THE PROBLEM:
Only those lines in the data below from the line containing "- apply lsum_le." through the line containing "apply Rmult_le_compat_l; [apply", both included, should be restated word for word.

(Records from a data source)
(* For either choice $\zeta\in\{q,-q^3\}$, the functions $\mathcal{F}(\lambda_1,\dots,\lambda_{L-1}\mid v_1,v_2)=\langle\bar0|\mathcal{E}(\lambda_{L-1})\cdots\mathcal{E}(\lambda_1)\mathcal{B}(v_2)\mathcal{B}(v_1)|0\rangle$ and $\bar{\mathcal{F}}(v_1,v_2\mid\lambda_1,\dots,\lambda_{L-1})=\langle\bar0|\mathcal{B}(v_2)\mathcal{B}(v_1)\mathcal{E}(\lambda_{L-1})\cdots\mathcal{E}(\lambda_1)|0\rangle$ are polynomials of degree $2L-1$ in each variable $x_i=e^{2\lambda_i}$ ($1\le i\le L-1$) separately, and also of degree $2L-1$ in each variable $y_1=e^{2v_1}$ and $y_2=e^{2v_2}$.
   Context: Let $q\in\mathbb{C}\setminus\{0\}$ (with a fixed choice of $q^{1/2}$) and $\zeta\in\{q,-q^3\}$ ($\zeta=q$: Fateev–Zamolodchikov model; $\zeta=-q^3$: Izergin–Korepin model). For $\lambda\in\mathbb{C}$ put $x=e^{2\lambda}$ and define $a(\lambda)=(x-\zeta)(x-q^2)$, $b(\lambda)=q(x-1)(x-\zeta)$, $c(\lambda)=(1-q^2)(x-\zeta)$, $\bar c(\lambda)=x(1-q^2)(x-\zeta)$, and for $\alpha,\beta\in\{1,2,3\}$, with $\beta'=4-\beta$: $d_{\alpha,\beta}(\lambda)=q(x-1)(x-\zeta)+x(q^2-1)(\zeta-1)$ if $\alpha=\beta=2$; $d_{\alpha,\beta}(\lambda)=(x-1)[(x-\zeta)+x(q^2-1)]$ if $\alpha=\beta\neq 2$; $d_{\alpha,\beta}(\lambda)=(q^2-1)[\zeta(x-1)q^{(\alpha-\beta)/2}-\delta_{\alpha,\beta'}(x-\zeta)]$ if $\alpha<\beta$; $d_{\alpha,\beta}(\lambda)=x(q^2-1)[(x-1)q^{(\alpha-\beta)/2}-\delta_{\alpha,\beta'}(x-\zeta)]$ if $\alpha>\beta$. Let $e_1,e_2,e_3$ be the standard basis of $\mathbb{C}^3$ and $E_{\alpha,\beta}$ the unit matrices. Define $\mathcal{R}(\lambda)\in\mathrm{End}(\mathbb{C}^3\otimes\mathbb{C}^3)$ as the $9\times 9$ matrix in the ordered basis $e_1\otimes e_1,e_1\otimes e_2,e_1\otimes e_3,e_2\otimes e_1,e_2\otimes e_2,e_2\otimes e_3,e_3\otimes e_1,e_3\otimes e_2,e_3\otimes e_3$ (indices $1,\dots,9$) whose only nonzero entries (row, column) are: $(1,1)=a$; $(2,2)=b$, $(2,4)=c$; $(3,3)=d_{1,1}$, $(3,5)=d_{1,2}$, $(3,7)=d_{1,3}$; $(4,2)=\bar c$, $(4,4)=b$; $(5,3)=d_{2,1}$, $(5,5)=d_{2,2}$, $(5,7)=d_{2,3}$; $(6,6)=b$, $(6,8)=c$; $(7,3)=d_{3,1}$, $(7,5)=d_{3,2}$, $(7,7)=d_{3,3}$; $(8,6)=\bar c$, $(8,8)=b$; $(9,9)=a$ (all evaluated at $\lambda$). Fix $L\ge1$ and inhomogeneities $\mu_1,\dots,\mu_L\in\mathbb{C}$. With $V_a=V_1=\dots=V_L=\mathbb{C}^3$, let $\mathcal{T}(\lambda)=\mathcal{R}_{a1}(\lambda-\mu_1)\cdots\mathcal{R}_{aL}(\lambda-\mu_L)\in\mathrm{End}(V_a\otimes V_1\otimes\cdots\otimes V_L)$, where $\mathcal{R}_{aj}$ acts as $\mathcal{R}$ on $V_a\otimes V_j$. Write $\mathcal{T}(\lambda)=\sum_{\alpha,\beta}E_{\alpha,\beta}\otimes\mathcal{T}_\alpha^\beta(\lambda)$ and set $\mathcal{B}(\lambda)=\mathcal{T}_1^2(\lambda)$, $\mathcal{E}(\lambda)=\mathcal{T}_1^3(\lambda)$, operators on $V_1\otimes\cdots\otimes V_L$. Let $|0\rangle=e_1^{\otimes L}$ and let $\langle\bar0|$ be the dual vector of $e_3^{\otimes L}$. *)

From mathcomp Require Import all_boot all_algebra.
From mathcomp Require Import reals sequences trigo.
From mathcomp.real_closed Require Import complex.
Lemma frac_heat_lacunary_le (al th q c t : R) (w : vec3) (k : nat -> vec3)
    (m n : nat) (x : vec3) :
  0 < al -> 0 < th -> 1 < q -> 0 < t -> 0 <= c ->
  (forall i, (m <= i)%nat -> 0 < norm3 (k i)) ->
  (forall i, (m <= i)%nat -> q * norm3 (k i) <= norm3 (k (S i))) ->
  norm3 (eval_cos_sum (frac_heat al t
           (map (fun i => (scal3 (c * Rpower (norm3 (k i)) th) w, k i)) (seq m n))) x)
    <= heat_lacunary_const al th q * c * norm3 w * Rpower t (- (th / (2 * al))).
Proof.
  intros Hal Hth Hq Ht Hc Hk Hlac.
  rewrite eval_frac_heat_map, norm3_scal3.
  set (g := th / (2 * al)).
  set (X := fun i => Rpower (norm3 (k i)) th * Rpower t g).
  set (p := Rpower q th).
  set (sum := lsum _ (seq m n)).
  assert (Hsum : Rabs sum <= c * damping_const g * Rpower t (- g) * (p / (p - 1))).
  { eapply Rle_trans; [apply Rabs_lsum_le|].
    apply Rle_trans with
      (lsum (fun i => c * damping_const g * Rpower t (- g) * (X i / (1 + X i)^2)) (seq m n)).
    - apply lsum_le. intros i Hi. apply in_seq in Hi.
      apply Rabs_cos_heat_term_le; [lra | lra | apply Hk; lia | lra | lra].
    - rewrite !lsum_scal_l.
      pose proof (Rpower_pos t (- g)).
      assert (0 <= damping_const g) by apply pow2_ge_0.
      apply Rmult_le_compat_l; [apply Rmult_le_pos; [apply Rmult_le_pos|]; lra|].
      apply lsum_lacunary_le; [apply Rpower_gt1; lra | |].
      + intros i Hi. apply Rmult_lt_0_compat; apply Rpower_pos.
      + intros i Hi. apply Rpower_lacunary; auto; try lra. apply Rpower_pos. }
  pose proof (Rabs_pos sum). pose proof (sqrt_pos (dot3 w w)). fold (norm3 w) in *.
  unfold heat_lacunary_const. fold g p.
  replace (damping_const g * (p / (p - 1)) * c * norm3 w * Rpower t (- g))
    with (c * damping_const g * Rpower t (- g) * (p / (p - 1)) * norm3 w) by ring.
  apply Rmult_le_compat_r; assumption.
Qed.

Lemma sqrt2_gt1 : 1 < sqrt 2.
Proof. rewrite <- sqrt_1. apply sqrt_lt_1_alt. lra. Qed.

Lemma norm3_vv : norm3 vv = 1.
Proof. unfold norm3, vv, dot3. replace (0 * 0 + 0 * 0 + 1 * 1) with 1 by ring. apply sqrt_1. Qed.

Lemma norm3_vv' : norm3 vv' = 1.
Proof. unfold norm3, vv', dot3. replace (0 * 0 + 1 * 1 + 0 * 0) with 1 by ring. apply sqrt_1. Qed.

Lemma kk_coef_ge1 (K i : nat) : (1 <= K)%nat -> 1 <= 2 ^ (i - 1) * INR K.
Proof.
  intros HK. assert (1 <= INR K) by (apply (le_INR 1); exact HK).
  assert (1 <= 2 ^ (i - 1)) by (apply pow_R1_Rle; lra). nra.
Qed.

Lemma kk_coef_S (K i : nat) : (1 <= i)%nat ->
  2 ^ (S i - 1) * INR K = 2 * (2 ^ (i - 1) * INR K).
Proof.
  intros Hi. replace (S i - 1)%nat with (S (i - 1)) by lia. simpl. ring.
Qed.

Lemma norm3_kk (K i : nat) : (1 <= K)%nat -> norm3 (kk K i) = 2 ^ (i - 1) * INR K.
Proof.
  intros HK. pose proof (kk_coef_ge1 K i HK).
  unfold norm3, kk, scal3, zeta, dot3.
  set (a := 2 ^ (i - 1) * INR K) in *.
  replace (a * 1 * (a * 1) + a * 0 * (a * 0) + a * 0 * (a * 0)) with (a * a) by ring.
  apply sqrt_square. lra.
Qed.
Definition invariant_prob (R : realType) (r : S -> S -> R) (dN : R)
    (mu : config -> R) : Prop :=
  [/\ forall eta, 0 <= mu eta,
      forall eta, eta \notin HN -> mu eta = 0,
      \sum_(eta in HN) mu eta = 1
    & forall F : config -> R, \sum_(eta in HN) mu eta * gen r dN F eta = 0].

Definition xi (x : S) : config := [ffun z => if z == x then ord_max else ord0].
Definition EN : {set config} := [set xi x | x : S].

End Inclusion.

(* For every nonempty B in S the flux matrix A z y = r y z - r z y is antisymmetric,
   so a descent on the squared negative parts of A m produces a probability m_B on B
   with (A m_B) z >= -d_N on B: an approximate equilibrium of the symmetric game A.
   With H_k the harmonic numbers, the test function
     F eta = - (N + 1) |supp eta| - sum_z m_{supp eta} z H_{eta z}
   satisfies L_N F >= - C d_N N^2 on H_N, and L_N F >= - C d_N N^2 + c / (N + 1)
   off E_N, where c is the least rate: moving a particle from x to y contributes
   (A m_B) terms that the equilibrium bounds below, an inflow term that is at least
   c / (N + 1) unless all particles sit at one site, and a jump of at least 1 when
   a site empties.  Integrating against the invariant mu_N gives
   mu_N (H_N \ E_N) = O(d_N N^3), which tends to 0 under the hypothesis as soon
   as |S| >= 2; for |S| <= 1 every configuration lies in E_N. *)

From HB Require Import structures.
From mathcomp Require Import all_boot all_order all_algebra.
From mathcomp Require Import all_classical all_reals all_analysis.
From mathcomp Require Import ring lra zify.
Set Implicit Arguments. Unset Strict Implicit. Unset Printing Implicit Defensive.
Import Order.TTheory GRing.Theory Num.Theory.
Local Open Scope ring_scope.

Section NegPart.
Variable R : realDomainType.
Implicit Types x h : R.

Definition neg_part x := Num.max (- x) 0.

Lemma neg_partE x : neg_part x = if x < 0 then - x else 0.
Proof.
rewrite /neg_part; have [xlt0|xge0] := ltP x 0.
  by rewrite max_l // oppr_ge0 ltW.
by rewrite max_r // oppr_le0.
Qed.

Lemma neg_part_ge0 x : 0 <= neg_part x.
Proof. by rewrite /neg_part le_max lexx orbT. Qed.

Lemma neg_part_mulr x : neg_part x * x = - neg_part x ^+ 2.
Proof. by rewrite neg_partE; case: ltP; rewrite expr2; lra. Qed.

Lemma neg_part_sqrD x h :
  neg_part (x + h) ^+ 2 <= neg_part x ^+ 2 - 2 * neg_part x * h + h ^+ 2.
Proof. by rewrite !neg_partE; do 2 case: ltP => ?; rewrite ?expr2; nra. Qed.

End NegPart.

Section ApproxEquilibrium.
Variables (R : realFieldType) (T : finType) (A : T -> T -> R) (B : {set T}).
Hypothesis A_anti : forall x y, A x y = - A y x.
Implicit Types (m w : T -> R) (e t : R).

Definition prob_on m :=
  [/\ forall z, 0 <= m z, forall z, z \notin B -> m z = 0 & \sum_z m z = 1].

Definition matvec m z := \sum_y A z y * m y.

Definition defect m := \sum_(z in B) neg_part (matvec m z) ^+ 2.

Definition mix t m m' y := (1 - t) * m y + t * m' y.

Definition normA := \sum_z \sum_y `|A z y|.

Lemma prob_on_le1 m : prob_on m -> forall z, m z <= 1.
Proof.
case=> m_ge0 _ m_sum1 z; rewrite -m_sum1 (bigD1 z) //= lerDl.
by apply: sumr_ge0 => y _.
Qed.

Lemma norm_matvec_le m z : prob_on m -> `|matvec m z| <= normA.
Proof.
move=> mP; have [m_ge0 _ _] := mP.
apply: le_trans (ler_norm_sum _ _ _) _.
apply: (@le_trans _ _ (\sum_y `|A z y|)).
  apply: ler_sum => y _; rewrite normrM (ger0_norm (m_ge0 y)).
  by rewrite ler_piMr ?prob_on_le1.
rewrite /normA [X in _ <= X](bigD1 z) //= lerDl.
by apply: sumr_ge0 => x _; apply: sumr_ge0.
Qed.

Lemma matvec_mix t m m' z :
  matvec (mix t m m') z = matvec m z + t * (matvec m' z - matvec m z).
Proof.
rewrite /matvec -sumrB mulr_sumr -big_split /=.
by apply: eq_bigr => y _; rewrite /mix; ring.
Qed.

Lemma matvec_orth w : \sum_z w z * matvec w z = 0.
Proof.
set X := LHS; suff : X = - X by lra.
rewrite {1}/X /matvec; under eq_bigr do rewrite mulr_sumr.
rewrite exchange_big /= /X /matvec -sumrN; apply: eq_bigr => y _.
rewrite mulr_sumr -sumrN; apply: eq_bigr => z _.
by rewrite A_anti; ring.
Qed.

Lemma prob_on_mix t m m' : 0 <= t <= 1 -> prob_on m -> prob_on m' ->
  prob_on (mix t m m').
Proof.
move=> /andP[t_ge0 t_le1] [m_ge0 m_out m_sum1] [m'_ge0 m'_out m'_sum1]; split.
- by move=> z; rewrite /mix addr_ge0 ?mulr_ge0 ?subr_ge0.
- by move=> z zB; rewrite /mix m_out ?m'_out ?mulr0 ?addr0.
- by rewrite big_split /= -!mulr_sumr m_sum1 m'_sum1; ring.
Qed.

Definition neg_weight m z := if z \in B then neg_part (matvec m z) else 0.

Definition descent_dir m z := neg_weight m z / \sum_y neg_weight m y.

Lemma neg_weight_ge0 m z : 0 <= neg_weight m z.
Proof. by rewrite /neg_weight; case: ifP => // _; apply: neg_part_ge0. Qed.

Lemma sum_neg_weight_gt0 m : 0 < defect m -> 0 < \sum_z neg_weight m z.
Proof.
move=> defect_gt0; rewrite lt_def sumr_ge0 ?andbT; last by move=> z _; apply: neg_weight_ge0.
apply: contraTN defect_gt0 => /eqP/psumr_eq0P w0; rewrite -leNgt le_eqVlt; apply/orP; left.
apply/eqP/big1 => z zB; move: (w0 (fun y _ => neg_weight_ge0 m y) z isT).
by rewrite /neg_weight zB => ->; rewrite expr0n.
Qed.

Lemma prob_on_descent_dir m : 0 < defect m -> prob_on (descent_dir m).
Proof.
move=> /sum_neg_weight_gt0 s_gt0; split.
- by move=> z; rewrite divr_ge0 ?neg_weight_ge0 ?ltW.
- by move=> z zB; rewrite /descent_dir /neg_weight (negbTE zB) mul0r.
- by rewrite -mulr_suml divff // gt_eqF.
Qed.

Lemma neg_weightE m (F : T -> R) :
  \sum_(z in B) neg_part (matvec m z) * F z = \sum_z neg_weight m z * F z.
Proof.
rewrite [RHS](bigID (mem B)) /= [X in _ = _ + X]big1 ?addr0.
  by apply: eq_bigr => z zB; rewrite /neg_weight zB.
by move=> z /negbTE zB; rewrite /neg_weight zB mul0r.
Qed.

(* [descent_dir m . A (descent_dir m)] vanishes by antisymmetry, and
   [descent_dir m] is proportional to the negative part of [A m] on [B]. *)
Lemma descent_dir_slope m : 0 < defect m ->
  \sum_(z in B) neg_part (matvec m z) * (matvec (descent_dir m) z - matvec m z)
  = defect m.
Proof.
move=> /sum_neg_weight_gt0 s_gt0; set s := \sum_z neg_weight m z in s_gt0.
rewrite neg_weightE.
have -> : \sum_z neg_weight m z * (matvec (descent_dir m) z - matvec m z)
    = s * \sum_z descent_dir m z * matvec (descent_dir m) z
      - \sum_z neg_weight m z * matvec m z.
  rewrite mulr_sumr -sumrB; apply: eq_bigr => z _.
  by rewrite /descent_dir -/s; field; rewrite gt_eqF.
rewrite matvec_orth mulr0 sub0r -neg_weightE /defect -sumrN.
by apply: eq_bigr => z _; rewrite neg_part_mulr opprK.
Qed.

Definition mix_curvature := #|T|%:R * (2 * normA) ^+ 2.
Local Notation Kc := mix_curvature.

Lemma mix_curvature_ge0 : 0 <= Kc.
Proof. by rewrite mulr_ge0 ?ler0n ?sqr_ge0. Qed.

Lemma defect_mix_le t m m' : prob_on m -> prob_on m' ->
    \sum_(z in B) neg_part (matvec m z) * (matvec m' z - matvec m z) = defect m ->
  defect (mix t m m') <= (1 - 2 * t) * defect m + t ^+ 2 * Kc.
Proof.
move=> mP m'P slope; pose b z := matvec m' z - matvec m z.
have b_sqr_le z : b z ^+ 2 <= (2 * normA) ^+ 2.
  have : `|b z| <= 2 * normA.
    by rewrite (le_trans (ler_normB _ _)) // mulr2n mulrDl mul1r lerD ?norm_matvec_le.
  by move=> bz; rewrite -real_normK ?num_real // lerXn2r ?nnegrE ?normr_ge0 // (le_trans _ bz).
have sum_b_le : \sum_(z in B) b z ^+ 2 <= Kc.
  apply: (le_trans (ler_sum _ (fun z _ => b_sqr_le z))).
  by rewrite sumr_const -[_ *+ #|B|]mulr_natl ler_wpM2r ?sqr_ge0 // ler_nat max_card.
apply: (@le_trans _ _ (\sum_(z in B)
    (neg_part (matvec m z) ^+ 2 - 2 * neg_part (matvec m z) * (t * b z) + (t * b z) ^+ 2))).
  by apply: ler_sum => z _; rewrite matvec_mix neg_part_sqrD.
rewrite !big_split /= -/(defect m).
have -> : \sum_(z in B) - (2 * neg_part (matvec m z) * (t * b z)) = - (2 * t * defect m).
  by rewrite -slope mulr_sumr -sumrN; apply: eq_bigr => z _; rewrite /b; ring.
have -> : \sum_(z in B) (t * b z) ^+ 2 = t ^+ 2 * \sum_(z in B) b z ^+ 2.
  by rewrite mulr_sumr; apply: eq_bigr => z _; ring.
have : t ^+ 2 * \sum_(z in B) b z ^+ 2 <= t ^+ 2 * Kc by rewrite ler_wpM2l ?sqr_ge0.
lra.
Qed.

Lemma defect_decrease e m : 0 < e -> prob_on m -> e ^+ 2 < defect m ->
  exists2 m', prob_on m' & defect m' <= defect m - e ^+ 4 / (Kc + e ^+ 2).
Proof.
move=> e_gt0 mP e2_lt; have e2_gt0 : 0 < e ^+ 2 by rewrite exprn_gt0.
have D_gt0 : 0 < defect m by apply: lt_trans e2_lt.
have Kc_e2_gt0 : 0 < Kc + e ^+ 2 by rewrite ltr_wpDl ?mix_curvature_ge0.
pose t := e ^+ 2 / (Kc + e ^+ 2).
have t_ge0 : 0 <= t by rewrite divr_ge0 ?ltW.
have t_le1 : t <= 1 by rewrite ler_pdivrMr // mul1r lerDr mix_curvature_ge0.
have tKc_le : t * Kc <= e ^+ 2.
  by rewrite mulrAC ler_pdivrMr // mulrDr lerDl mulr_ge0 ?ltW ?mix_curvature_ge0.
exists (mix t m (descent_dir m)).
  by apply: prob_on_mix => //; [apply/andP; split | apply: prob_on_descent_dir].
have := defect_mix_le t mP (prob_on_descent_dir D_gt0) (descent_dir_slope D_gt0).
have -> : e ^+ 4 / (Kc + e ^+ 2) = t * e ^+ 2 by rewrite /t; field; rewrite gt_eqF.
have : t * (t * Kc) <= t * e ^+ 2 by rewrite ler_wpM2l.
have : t * e ^+ 2 <= t * defect m by rewrite ler_wpM2l // ltW.
rewrite expr2; nra.
Qed.

Lemma defect_descent_le e n m : 0 < e -> prob_on m ->
    defect m <= n%:R * (e ^+ 4 / (Kc + e ^+ 2)) ->
  exists2 m', prob_on m' & defect m' <= e ^+ 2.
Proof.
move=> e_gt0; elim: n m => [|n IHn] m mP D_le.
  by exists m => //; rewrite (le_trans D_le) // mul0r sqr_ge0.
have [D_le_e2|e2_lt] := leP (defect m) (e ^+ 2); first by exists m.
have [m' m'P D'_le] := defect_decrease e_gt0 mP e2_lt.
by apply: (IHn m' m'P); move: D_le; rewrite -natr1; lra.
Qed.

Lemma matvec_ge_of_defect_le e m z : 0 <= e -> defect m <= e ^+ 2 -> z \in B ->
  - e <= matvec m z.
Proof.
move=> e_ge0 D_le zB.
have : neg_part (matvec m z) <= e.
  rewrite -(@ler_pXn2r _ 2) ?nnegrE ?neg_part_ge0 //; apply: le_trans D_le.
  rewrite /defect (bigD1 z) //= lerDl.
  by apply: sumr_ge0 => y _; apply: sqr_ge0.
by rewrite neg_partE; case: ltP; lra.
Qed.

ANSWER TO THIS EXERCISE:
    - apply lsum_le. intros i Hi. apply in_seq in Hi.
      apply Rabs_cos_heat_term_le; [lra | lra | apply Hk; lia | lra | lra].
    - rewrite !lsum_scal_l.
      pose proof (Rpower_pos t (- g)).
      assert (0 <= damping_const g) by apply pow2_ge_0.
      apply Rmult_le_compat_l; [apply Rmult_le_pos; [apply Rmult_le_pos|]; lra|].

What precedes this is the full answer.